_PROBLEM TO SOLVE_
Below this line is a set of entries; quote exactly the lines from the line that contains "rewrite Hsg, Rmult_1_l." to the line that contains "Lemma continuity_branch_value (sg", both lines included.

_RECORDS FOR PROCESSING_
Let v (x : R) : R := nth_root n (tau x).
Let G (x : R) : R := fpoly e L x (tau x / p1 x ^ n).
Let branch (sg x : R) : R := sg * v x / p1 x.
Let branch_slope (sg x : R) : R :=
  dPdx x (branch sg x) + dPdy x (branch sg x) * Derive (branch sg) x.

Lemma branch_pow (sg x : R) : sg * sg = 1 -> x1 <= x <= x2 -> branch sg x ^ n = tau x / p1 x ^ n.
Proof.
  intros Hsg Hx. pose proof (p1_nz x (between_in x Hx)) as Hp1.
  unfold branch. rewrite pow_sqr.
  replace (sg * v x / p1 x * (sg * v x / p1 x)) with ((sg * sg) * (v x / p1 x * (v x / p1 x)))
    by (field; exact Hp1).
  rewrite Hsg, Rmult_1_l.
  rewrite <- pow_sqr. unfold Rdiv. rewrite Rpow_mult_distr, pow_inv. unfold v.
  now rewrite pow_nth_root by (lia || now apply tau_nonneg).
Qed.

Lemma P_branch (sg x : R) : sg * sg = 1 -> x1 <= x <= x2 -> P x (branch sg x) = G x + sg * v x.
Proof.
  intros Hsg Hx. pose proof (between_in x Hx) as HxI.
  rewrite P_eq, branch_pow by assumption. unfold G, branch. field. now apply p1_nz.
Qed.

Lemma Q_branch (sg x : R) : sg * sg = 1 -> x1 <= x <= x2 -> Q x (branch sg x) = c.
Proof.
  intros Hsg Hx. pose proof (between_in x Hx) as HxI.
  rewrite Q_eq, branch_pow, <- (level_tau x Hx) by assumption. unfold level, ratio.
  field. now apply pow_nonzero, p1_nz.
Qed.

Lemma continuity_branch_value (sg x : R) :
  x1 <= x <= x2 -> continuity_pt (fun t => G t + sg * v t) x.
Proof.
  intros Hx. pose proof (between_in x Hx) as HxI.
  apply continuity_pt_plus; [| apply continuity_pt_scal].
  - destruct (ex_derive_tau x Hx) as [dtau Hdtau].
    assert (Hs : ex_derive (fun t => tau t / p1 t ^ n) x).
    { auto_derive.
      repeat split; [now exists dtau | now apply p1_ex_derive | now apply pow_nonzero, p1_nz]. }
    destruct Hs as [ds Hds].
    eapply continuity_pt_is_derive, (is_derive_fpoly_comp e L x _ ds); [| exact Hds].
    intros l Hl. now apply coef_ex_derive.
  - apply (continuity_pt_comp tau (nth_root n)).
    + destruct (ex_derive_tau x Hx) as [dtau Hdtau]. exact (continuity_pt_is_derive _ _ _ Hdtau).
    + apply continuity_nth_root; [lia | now apply tau_nonneg].
Qed.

_TASK SOLUTION_
  rewrite Hsg, Rmult_1_l.
  rewrite <- pow_sqr. unfold Rdiv. rewrite Rpow_mult_distr, pow_inv. unfold v.
  now rewrite pow_nth_root by (lia || now apply tau_nonneg).
Qed.

Lemma P_branch (sg x : R) : sg * sg = 1 -> x1 <= x <= x2 -> P x (branch sg x) = G x + sg * v x.
Proof.
  intros Hsg Hx. pose proof (between_in x Hx) as HxI.
  rewrite P_eq, branch_pow by assumption. unfold G, branch. field. now apply p1_nz.
Qed.

Lemma Q_branch (sg x : R) : sg * sg = 1 -> x1 <= x <= x2 -> Q x (branch sg x) = c.
Proof.
  intros Hsg Hx. pose proof (between_in x Hx) as HxI.
  rewrite Q_eq, branch_pow, <- (level_tau x Hx) by assumption. unfold level, ratio.
  field. now apply pow_nonzero, p1_nz.
Qed.

Lemma continuity_branch_value (sg x : R) :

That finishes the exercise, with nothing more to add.